Serum Institute of India got the approval a day earlier for its Vaccine Covishield, ostensibly on the back of completion of its Phase 3 trial data in UK and India. Bharat Biotech has a trial design for Phase 3 at 26,000 volunteers and has already recruited 21,000 of them. While Congress leaders accused Govt of India for jumping the gun, Rahul Gandhi had last week in a tweet last week mocked Modi Govt for not being fast in approving the Vaccines. CPM supremo, Sitaram Yechury, who has an opinion on everything under the sun, said the Govt of India was allowing an untested vaccine like Covaxin on citizens. He wanted the data to be made public. What the CPM leader did not know is that the expert panel of DCGI went through voluminous amount of data submitted by Bharat Biotech and approved its use in a Clinical Trial Mode.
The emergency use authorization for Covaxin is different from that for Covishield, because the use of the former will be in Clinical Trial mode. All recipients would be tracked and monitored as if they are in trial. The authorization for Covaxin also ensures that India has an additional vaccines shield in its arsenal, particularly against potential mutant strains in a dynamic pandemic situation. Covaxin’s authorization is a monitored approval, which is a strategic decision for the country’s vaccine security. ICMR believes Bharat Biotech’s Covaxin may be able to better cope with UK mutation than the AstraZeneca vaccine since Covaxin is a whole virus vaccine. Which is why emergency use approval has been granted and Phase 3 trial results should be out in 3-4 weeks.

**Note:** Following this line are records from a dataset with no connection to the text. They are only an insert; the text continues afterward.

(* Let $r,c\ge 1$ be integers, $n=r+c$, $N=2^n$, and let $X=(X_1,X_2)$ with $X_1\subset\{0,1\}^n$ the strings ending in $0^c$ and $X_2\subset\{0,1\}^n$ the strings beginning with $0^r$. Let $\varphi\sim\mathcal D_X$. Any quantum algorithm that makes $T$ queries to $\varphi$ and $\varphi^{-1}$ and outputs, with probability $\epsilon>0$, a pair $(x,y)\in X_1\times X_2$ with $\varphi(x)=y$, satisfies $$\epsilon\le\frac{80(T+1)^2}{2^{\min(r,c)}}.$$
   Context: Permutations of $\{0,1\}^n$ are identified with $S_N$. For $\pi\in S_N$, $X_\pi=\{(i,j): i\in X_1,\ j\in X_2,\ \pi(i)=j\}$ is its set of $X$-pairs. The distribution $\mathcal{D}_X$ on $S_N$ is $\Pr_{\Phi\sim\mathcal D_X}[\Phi=\varphi]=|X_\varphi|/\sum_{\sigma\in S_N}|X_\sigma|$. Queries are to the unitaries $O_\varphi:|a\rangle|b\rangle\mapsto|a\rangle|b\oplus\varphi(a)\rangle$ and $O_{\varphi^{-1}}:|a\rangle|b\rangle\mapsto|a\rangle|b\oplus\varphi^{-1}(a)\rangle$; the success probability is over $\varphi$ and the algorithm's randomness and measurements. *)

From mathcomp Require Import all_boot all_order all_algebra fingroup perm algC.
Unset Printing Implicit Defensive.
Import Order.TTheory GRing.Theory Num.Theory.
Local Open Scope ring_scope.

(* n-bit strings; bit i is the i-th symbol of the string (index 0 = first). *)
Definition bits (n : nat) := {ffun 'I_n -> bool}.
Definition bzero (n : nat) : bits n := [ffun => false].
Definition bxor (n : nat) (x y : bits n) : bits n := [ffun i => x i (+) y i].

Definition X1 (r c : nat) : {set bits (r + c)} :=
  [set x : bits (r + c) | [forall i : 'I_(r + c), (r <= i)%N ==> ~~ x i]].
Definition X2 (r c : nat) : {set bits (r + c)} :=
  [set x : bits (r + c) | [forall i : 'I_(r + c), (i < r)%N ==> ~~ x i]].

Definition Xpairs (r c : nat) (p : {perm bits (r + c)})
  : {set bits (r + c) * bits (r + c)} :=
  [set ij | [&& ij.1 \in X1 r c, ij.2 \in X2 r c & p ij.1 == ij.2]].

Definition DX (r c : nat) (p : {perm bits (r + c)}) : algC :=
  (#|Xpairs r c p|)%:R / (\sum_(s : {perm bits (r + c)}) #|Xpairs r c s|)%:R.

(* Register: query input |a>, answer |b>, workspace |w> (W+1 basis states). *)
Definition reg (n W : nat) := (bits n * bits n * 'I_W.+1)%type.
Definition state (n W : nat) := reg n W -> algC.
Definition op (n W : nat) := reg n W -> reg n W -> algC.

Definition applyop (n W : nat) (U : op n W) (psi : state n W) : state n W :=
  fun i => \sum_(j : reg n W) U i j * psi j.

Definition unitary (n W : nat) (U : op n W) : Prop :=
  forall i j : reg n W, \sum_(k : reg n W) (U k i)^* * U k j = (i == j)%:R.

(* O_f : |a>|b>|w> -> |a>|b xor f(a)>|w> *)
Definition oracle (n W : nat) (f : {perm bits n}) : op n W :=
  fun i j => ((i.1.1 == j.1.1) && (i.1.2 == bxor n j.1.2 (f j.1.1))
              && (i.2 == j.2))%:R.

Definition init (n W : nat) : state n W :=
  fun i => (i == (bzero n, bzero n, ord0))%:R.

(* U_0, then for t = 1..T : query number t (to f if s (t-1) = false,
   to f^-1 if s (t-1) = true), followed by U_t. *)
Fixpoint run (n W : nat) (U : nat -> op n W) (s : nat -> bool)
    (f : {perm bits n}) (t : nat) : state n W :=
  match t with
  | 0 => applyop n W (U 0%N) (init n W)
  | t'.+1 => applyop n W (U t)
      (applyop n W (oracle n W (if s t' then (f^-1)%g else f)) (run n W U s f t'))
  end.

(* Probability of outputting (x,y) in X1 x X2 with f x = y, after measuring the
   final state in the computational basis and post-processing with out. *)
Definition success (r c W T : nat) (U : nat -> op (r + c) W) (s : nat -> bool)
    (out : reg (r + c) W -> bits (r + c) * bits (r + c))
    (f : {perm bits (r + c)}) : algC :=
  \sum_(i : reg (r + c) W | [&& (out i).1 \in X1 r c, (out i).2 \in X2 r c
                              & f (out i).1 == (out i).2])
     `|run (r + c) W U s f T i| ^+ 2.

Definition eps (r c W T : nat) (U : nat -> op (r + c) W) (s : nat -> bool)
    (out : reg (r + c) W -> bits (r + c) * bits (r + c)) : algC :=
  \sum_(f : {perm bits (r + c)}) DX r c f * success r c W T U s out f.

From mathcomp Require Import all_boot all_order all_algebra fingroup perm algC.
From mathcomp Require Import ring zify.
Import Order.TTheory GRing.Theory Num.Theory.
Local Open Scope ring_scope.
Set Implicit Arguments.
Unset Strict Implicit.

The Emergency use authorisation means only Govt can procure and distribute the two vaccines. Vaccines can be sold in private sector only after full licensure is granted. Data will be reviewed every week by regulatory authorities.
Rather than getting caught in a 70 vs 80 vs 90% vaccine efficacy debate, it is more important to ensure global rollout at scale and low cost. All approved vaccines are proven to show that people don’t get a terrible bout of the Covid infection. Dr Adrian Hill who helped develop Oxford University vaccine said that the vaccine has an 80% efficacy if administered at a gap of three months between the two doses and is more efficacious with a longer gap than with the 28 day gap originally which was originally proposed. Oxford University vaccine has a 70%+ efficacy after one month according to scientists and if second dose is taken after three months efficacy increases to 90%+.
The efficacy of the vaccine to a large extent depends on the gap between the doses. Those injected with the vaccine should start developing anti-bodies in 15 days time. Indian vaccine makers under a single umbrella have written to the Union Government requesting that the govt to give them immunity too – from any potential lawsuits during the pandemic period. This is because, those who take the vaccines will panic if there are minor side-effects with the Covid Vaccines, just like the other vaccinations in the past. But in the trials of Covid Vaccines by Pfizer, AstraZeneca, Moderna abroad, and by Serum Institute of India and Bharat Biotech, no major side effects have been reported. Wherever, said and done, India has climbed a mountain and with 50 million vials in
stock, Serum India can quickly move Covishield across the country. With Covaxin following suit in a week or two, the first round of priority group should get their shots.